In a survey of nearly 57,000 people from May to June, unvaccinated people with a disability such as serious difficulty seeing, hearing or walking were nearly twice as likely as their unvaccinated counterparts without a disability to say that they would definitely get vaccinated. (The survey only included people outside of nursing homes and other institutions.)
And yet, people with a disability were less likely to be vaccinated: Among 50- to 64-year-olds, 63 percent of people with a disability had received coronavirus shots, compared with 72 percent of other people. Among people older than 75, the gap was smaller but still evident: Eighty-eight percent of people with a disability were vaccinated, compared with 90 percent of people without one.
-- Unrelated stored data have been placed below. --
(* Let $H$ be an Abelian group, $X$ a simplicial set, $Z\subset X$ a simplicial subset with inclusion $i$, $j:X\to X/Z$ the quotient. Let $\alpha:X_2\to H$ be a normalized 2-cocycle such that $i^*\alpha$ is a coboundary, and let $\nu:Z_1\to H$ be a normalized 1-cochain with $\partial\nu=i^*\alpha$. Let $\tilde\nu:X_1\to H$ be $\nu$ on $Z_1$ and $0$ elsewhere, and let $\beta:(X/Z)_2\to H$ be a normalized 2-cocycle with $j^*\beta=\alpha-\partial\tilde\nu$. Let $\mathrm{sDist}_\beta(X/Z)$ be the set of distributions on the twisted product over $X/Z$ determined by $\beta$, and $\mathrm{sDist}_\alpha(X,\nu)$ the set of distributions $p$ on the twisted product over $X$ determined by $\alpha$ whose restriction to $Z$ equals $\delta^{\varphi_\nu}$. Then there is a convex isomorphism \[ \mathrm{sDist}_\beta(X/Z)\cong \mathrm{sDist}_\alpha(X,\nu). \]
   Context: Distributions take values in $\mathbb{R}_{\ge0}$: $D(S)$ = finitely supported probability distributions on $S$, extended levelwise to simplicial sets; a distribution on a simplicial map $\pi:E\to Y$ is a simplicial map $p:Y\to D(E)$ with $D(\pi)\circ p=\delta$. $N(H)$ is the nerve of $H$ ($N(H)_n=H^n$, $d_0$ drops first entry, $d_n$ last, inner $d_i$ add adjacent entries, $s_j$ inserts $0$). A normalized $n$-cochain is a map $Y_n\to H$ vanishing on degenerate simplices; $\partial$ is the coboundary, e.g. $\partial\nu(x)=\nu(d_0x)-\nu(d_1x)+\nu(d_2x)$; $i^*,j^*$ are precomposition. A normalized 2-cocycle $\gamma$ on $Y$ determines the twisting function $\eta_1=0,\eta_2=\gamma$, $\eta_n(y)=(\gamma(d_3\cdots d_ny),\eta_{n-1}(d_1y)-\eta_{n-1}(d_0y))$, and the twisted product $N(H)\times_\eta Y$ with simplices $H^n\times Y_n$, $d_0(g,y)=(d_0g+\eta_n(y),d_0y)$ and other structure maps componentwise; $\pi_\eta$ is the projection. The restriction of $p$ to $Z$ is $p\circ i$, a distribution on the restricted bundle over $Z$ (twisted by $i^*\alpha$). A section of $\pi_\eta$ is a simplicial map $s$ with $\pi_\eta s=\mathrm{id}$; $\varphi_\nu$ denotes the unique section of the restricted bundle over $Z$ whose $H$-component on $1$-simplices is $\nu$ (in degrees $0,1,2$: $z\mapsto(0,z)$, $(\nu(z),z)$, $((\nu(d_2z),\nu(d_1z)-\nu(d_2z)),z)$), and $\delta^{\varphi_\nu}=\delta\circ\varphi_\nu$. *)

From HB Require Import structures.
From mathcomp Require Import all_boot all_order all_algebra.
From mathcomp Require Import boolp classical_sets functions cardinality fsbigop reals.
Set Implicit Arguments. Unset Strict Implicit. Unset Printing Implicit Defensive.
Import Order.TTheory GRing.Theory Num.Theory.
Local Open Scope classical_set_scope.
Local Open Scope ring_scope.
“Covid-19 vaccination coverage was lower among U.S. adults with a disability than among those without a disability, even though adults with a disability reported less hesitancy to getting vaccinated,” the study’s authors wrote.
The study noted that state-run vaccine registration websites were not all compliant with basic accessibility recommendations. It suggested that online scheduling systems offer call lines for people who needed help booking vaccinations.
It also said that not all vaccination sites had American Sign Language interpreters or workers trained in helping people with developmental disabilities, and that getting to those sites in the first place was often difficult for people with a disability.
“These efforts would be relevant to the reduction of health disparities related to disability beyond the Covid-19 pandemic,” the study said.